- **Problem**
Pull every line with "detVP" from the data below and copy it.

- **Extracted information**
§ §

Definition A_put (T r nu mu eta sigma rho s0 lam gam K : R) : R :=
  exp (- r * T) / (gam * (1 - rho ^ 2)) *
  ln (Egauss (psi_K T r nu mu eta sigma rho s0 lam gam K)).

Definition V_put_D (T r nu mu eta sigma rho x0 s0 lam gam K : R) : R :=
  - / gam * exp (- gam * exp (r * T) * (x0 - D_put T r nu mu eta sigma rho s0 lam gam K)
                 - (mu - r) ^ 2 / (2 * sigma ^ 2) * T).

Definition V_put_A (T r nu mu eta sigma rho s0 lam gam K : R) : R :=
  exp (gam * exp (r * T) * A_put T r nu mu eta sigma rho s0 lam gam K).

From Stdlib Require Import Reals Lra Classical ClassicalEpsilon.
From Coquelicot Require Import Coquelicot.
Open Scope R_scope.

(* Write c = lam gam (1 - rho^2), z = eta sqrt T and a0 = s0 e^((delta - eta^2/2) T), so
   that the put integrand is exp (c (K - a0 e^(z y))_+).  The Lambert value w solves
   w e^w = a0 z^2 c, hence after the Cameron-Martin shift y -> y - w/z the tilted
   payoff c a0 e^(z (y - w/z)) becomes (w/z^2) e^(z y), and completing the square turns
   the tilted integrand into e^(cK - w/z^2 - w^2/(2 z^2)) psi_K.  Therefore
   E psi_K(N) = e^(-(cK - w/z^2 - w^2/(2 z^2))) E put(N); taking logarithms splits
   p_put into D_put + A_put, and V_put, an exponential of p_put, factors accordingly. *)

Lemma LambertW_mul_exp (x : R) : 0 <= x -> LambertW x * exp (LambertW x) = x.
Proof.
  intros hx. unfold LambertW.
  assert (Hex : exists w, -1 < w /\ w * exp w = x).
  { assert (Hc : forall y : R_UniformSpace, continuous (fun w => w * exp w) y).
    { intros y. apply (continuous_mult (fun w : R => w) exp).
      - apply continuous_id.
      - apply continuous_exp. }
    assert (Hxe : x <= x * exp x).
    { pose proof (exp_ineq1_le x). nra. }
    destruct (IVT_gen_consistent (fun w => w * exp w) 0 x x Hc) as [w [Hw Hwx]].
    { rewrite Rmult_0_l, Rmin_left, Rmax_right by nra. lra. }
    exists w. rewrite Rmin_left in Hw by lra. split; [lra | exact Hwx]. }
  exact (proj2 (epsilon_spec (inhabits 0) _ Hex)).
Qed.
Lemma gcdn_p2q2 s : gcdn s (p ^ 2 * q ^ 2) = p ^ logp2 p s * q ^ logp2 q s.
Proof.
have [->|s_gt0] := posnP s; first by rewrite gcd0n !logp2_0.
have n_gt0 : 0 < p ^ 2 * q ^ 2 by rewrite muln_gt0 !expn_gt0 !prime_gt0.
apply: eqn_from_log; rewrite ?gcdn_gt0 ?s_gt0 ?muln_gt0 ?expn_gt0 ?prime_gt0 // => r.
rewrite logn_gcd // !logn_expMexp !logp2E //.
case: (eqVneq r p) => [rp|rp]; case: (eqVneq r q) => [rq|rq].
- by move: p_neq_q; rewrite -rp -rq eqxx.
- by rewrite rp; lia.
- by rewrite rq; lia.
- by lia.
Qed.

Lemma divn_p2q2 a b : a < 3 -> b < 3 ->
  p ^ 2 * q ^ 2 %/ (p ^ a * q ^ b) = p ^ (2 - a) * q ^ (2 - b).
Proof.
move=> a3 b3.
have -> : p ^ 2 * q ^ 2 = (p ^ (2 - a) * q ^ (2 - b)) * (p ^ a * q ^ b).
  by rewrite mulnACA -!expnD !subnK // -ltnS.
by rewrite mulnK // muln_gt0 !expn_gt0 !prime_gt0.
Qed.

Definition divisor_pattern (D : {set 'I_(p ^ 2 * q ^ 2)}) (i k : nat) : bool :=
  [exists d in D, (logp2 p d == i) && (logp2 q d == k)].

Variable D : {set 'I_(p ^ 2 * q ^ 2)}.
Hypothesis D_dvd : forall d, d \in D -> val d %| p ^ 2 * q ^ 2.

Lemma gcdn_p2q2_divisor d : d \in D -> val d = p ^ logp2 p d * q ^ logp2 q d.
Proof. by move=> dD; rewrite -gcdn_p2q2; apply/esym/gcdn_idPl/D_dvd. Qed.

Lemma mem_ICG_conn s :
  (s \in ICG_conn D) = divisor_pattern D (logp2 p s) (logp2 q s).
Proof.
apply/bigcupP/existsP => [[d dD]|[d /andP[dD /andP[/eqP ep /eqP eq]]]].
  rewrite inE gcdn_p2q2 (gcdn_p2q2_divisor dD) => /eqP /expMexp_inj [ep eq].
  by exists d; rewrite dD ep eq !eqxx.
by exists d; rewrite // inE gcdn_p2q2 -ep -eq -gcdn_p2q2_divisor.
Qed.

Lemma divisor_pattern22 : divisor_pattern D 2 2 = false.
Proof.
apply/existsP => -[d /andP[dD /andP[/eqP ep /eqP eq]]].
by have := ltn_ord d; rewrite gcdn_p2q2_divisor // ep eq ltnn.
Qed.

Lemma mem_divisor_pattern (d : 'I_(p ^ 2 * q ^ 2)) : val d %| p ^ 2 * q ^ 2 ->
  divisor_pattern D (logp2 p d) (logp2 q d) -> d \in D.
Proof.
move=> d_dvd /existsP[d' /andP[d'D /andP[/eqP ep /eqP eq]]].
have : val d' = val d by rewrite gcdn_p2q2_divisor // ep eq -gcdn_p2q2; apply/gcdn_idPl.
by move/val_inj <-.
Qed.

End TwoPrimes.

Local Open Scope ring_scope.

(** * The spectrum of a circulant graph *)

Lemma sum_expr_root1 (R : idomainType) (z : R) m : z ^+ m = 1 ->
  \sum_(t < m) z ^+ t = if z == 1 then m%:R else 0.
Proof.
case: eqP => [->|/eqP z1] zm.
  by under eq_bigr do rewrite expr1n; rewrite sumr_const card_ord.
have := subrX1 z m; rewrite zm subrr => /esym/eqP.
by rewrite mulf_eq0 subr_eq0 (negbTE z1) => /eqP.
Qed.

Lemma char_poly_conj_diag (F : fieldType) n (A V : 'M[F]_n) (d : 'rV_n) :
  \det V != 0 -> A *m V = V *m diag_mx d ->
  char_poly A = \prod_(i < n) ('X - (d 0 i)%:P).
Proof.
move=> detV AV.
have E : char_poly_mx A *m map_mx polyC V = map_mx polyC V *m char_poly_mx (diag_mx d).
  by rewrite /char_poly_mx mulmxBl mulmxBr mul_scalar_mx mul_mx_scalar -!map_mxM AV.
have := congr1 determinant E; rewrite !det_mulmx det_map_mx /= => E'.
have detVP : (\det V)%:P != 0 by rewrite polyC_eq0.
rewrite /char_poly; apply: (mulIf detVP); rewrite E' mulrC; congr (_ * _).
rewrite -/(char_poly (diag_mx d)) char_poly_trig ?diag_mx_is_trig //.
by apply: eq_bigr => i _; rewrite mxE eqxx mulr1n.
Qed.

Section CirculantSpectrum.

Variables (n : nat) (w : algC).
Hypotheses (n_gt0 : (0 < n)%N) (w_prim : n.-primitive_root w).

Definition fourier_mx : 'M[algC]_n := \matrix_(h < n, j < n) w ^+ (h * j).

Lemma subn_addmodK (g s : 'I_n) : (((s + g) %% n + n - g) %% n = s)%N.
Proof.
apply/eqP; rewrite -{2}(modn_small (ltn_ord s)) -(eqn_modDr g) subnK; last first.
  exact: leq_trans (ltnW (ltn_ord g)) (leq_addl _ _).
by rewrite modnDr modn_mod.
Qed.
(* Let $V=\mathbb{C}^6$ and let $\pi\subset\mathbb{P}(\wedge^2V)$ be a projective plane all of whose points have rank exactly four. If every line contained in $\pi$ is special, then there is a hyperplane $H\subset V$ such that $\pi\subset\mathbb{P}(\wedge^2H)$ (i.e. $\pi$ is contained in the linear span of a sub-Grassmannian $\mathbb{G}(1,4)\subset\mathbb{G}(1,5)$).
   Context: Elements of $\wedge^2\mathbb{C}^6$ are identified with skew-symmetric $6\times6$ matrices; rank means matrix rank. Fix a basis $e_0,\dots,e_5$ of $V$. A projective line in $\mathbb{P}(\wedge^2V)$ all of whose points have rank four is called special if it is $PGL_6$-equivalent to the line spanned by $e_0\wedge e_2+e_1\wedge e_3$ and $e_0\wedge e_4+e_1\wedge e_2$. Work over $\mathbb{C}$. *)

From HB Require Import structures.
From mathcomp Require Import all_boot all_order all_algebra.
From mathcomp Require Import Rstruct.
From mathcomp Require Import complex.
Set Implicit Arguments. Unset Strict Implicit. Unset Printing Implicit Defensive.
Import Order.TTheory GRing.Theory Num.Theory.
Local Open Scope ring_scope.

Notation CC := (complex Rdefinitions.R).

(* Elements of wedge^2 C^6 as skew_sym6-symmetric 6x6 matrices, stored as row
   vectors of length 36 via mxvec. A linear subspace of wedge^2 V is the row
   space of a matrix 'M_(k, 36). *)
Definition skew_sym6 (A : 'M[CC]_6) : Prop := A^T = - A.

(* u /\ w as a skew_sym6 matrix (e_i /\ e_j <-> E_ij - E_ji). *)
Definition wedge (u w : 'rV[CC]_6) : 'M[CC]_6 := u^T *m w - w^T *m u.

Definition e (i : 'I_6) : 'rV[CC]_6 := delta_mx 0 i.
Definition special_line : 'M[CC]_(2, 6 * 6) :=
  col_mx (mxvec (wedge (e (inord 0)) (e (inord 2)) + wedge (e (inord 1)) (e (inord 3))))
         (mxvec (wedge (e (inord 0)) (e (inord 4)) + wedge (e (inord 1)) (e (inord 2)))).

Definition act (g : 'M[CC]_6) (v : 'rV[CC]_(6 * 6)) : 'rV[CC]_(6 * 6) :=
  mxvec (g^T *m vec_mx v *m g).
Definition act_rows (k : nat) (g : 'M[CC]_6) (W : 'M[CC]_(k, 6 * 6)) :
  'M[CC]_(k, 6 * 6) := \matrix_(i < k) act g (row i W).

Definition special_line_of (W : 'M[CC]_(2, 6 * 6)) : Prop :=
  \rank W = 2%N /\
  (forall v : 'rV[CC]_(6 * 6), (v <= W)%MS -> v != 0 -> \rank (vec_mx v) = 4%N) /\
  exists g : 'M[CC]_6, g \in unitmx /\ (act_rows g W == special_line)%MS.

§ §

- **Task response**
have detVP : (\det V)%:P != 0 by rewrite polyC_eq0.
rewrite /char_poly; apply: (mulIf detVP); rewrite E' mulrC; congr (_ * _).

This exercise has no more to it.